START Study material
(* Let $p$ be a prime, $t\ge1$, and let $(K_n,\alpha)$ be an edge-labeled complete graph over $\mathbb{Z}/p^t\mathbb{Z}$ whose edges carry labels $p^{i_1},\dots,p^{i_{r_n}}$ (in no particular order), with $1\le i_s<t$ for all $s$. For $1<i\le n$ let $p^{a_i}=\big[\bigcup_{k=1}^{i-1}\{(p^{(i,k)})\}\big]$. Then for each $i>1$ the vector $F^{(i)}=(f^{(i)}_{v_1},\dots,f^{(i)}_{v_n})$ defined by $f^{(i)}_v=p^{a_i}$ if $v\in V^{(i,a_i+1)}$ and $f^{(i)}_v=0$ otherwise is an $i$-th flow-up class (with $f^{(i)}_{v_i}=p^{a_i}$). Moreover, $\operatorname{rk}[\mathbb{Z}/p^t\mathbb{Z}]_{(K_n,\alpha)}=n$.
   Context: A spline on an edge-labeled graph $(G,\alpha)$ over $\mathbb{Z}/m\mathbb{Z}$ (edges labeled by nonzero ideals) is a vector $(f_{v_1},\dots,f_{v_n})\in(\mathbb{Z}/m\mathbb{Z})^n$ with $f_{v_i}-f_{v_j}\in\alpha(v_iv_j)$ for every edge; the splines form a $\mathbb{Z}$-module $[\mathbb{Z}/m\mathbb{Z}]_{(G,\alpha)}$ whose rank $\operatorname{rk}$ is the smallest size of a generating set. An $i$-th flow-up class is a spline with $f_{v_i}\ne0$ and $f_{v_t}=0$ for $t<i$. $K_n$ is the complete graph on $v_1,\dots,v_n$, $r_n=n(n-1)/2$; an edge labeled $p^c$ means its ideal is generated by $p^c+p^t\mathbb{Z}$. A trail is a sequence of vertices and edges in which no edge is repeated; a $v_k$-trail of $v_i$ is a trail from $v_i$ to $v_k$; $(p^{(i,k)})$ is the gcd (in $\mathbb{Z}$) of the integer labels on such a trail, $\{(p^{(i,k)})\}$ the set of these over all $v_k$-trails of $v_i$, and $[\,S\,]$ the lcm of a finite set $S$. For $1\le j\le n$ and a positive integer $b$, $V^{(j,b)}$ is the vertex set of $H^{(j,b)}$, the largest connected subgraph of $K_n$ containing $v_j$, having $v_j$ as its smallest-index vertex, all of whose edges carry labels $p^{c}$ with $b\le c<t$; i.e. the connected component of $v_j$ in the graph on $\{v_j,\dots,v_n\}$ whose edges are those edges of $K_n$ among these vertices labeled $p^c$ with $c\ge b$. *)

From mathcomp Require Import all_boot all_order all_algebra.
Unset Printing Implicit Defensive.
Import GRing.Theory.
Local Open Scope ring_scope.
END Study material
— Work order —
Lines above with "Import": state how many, nothing more.

— Solved problem —
2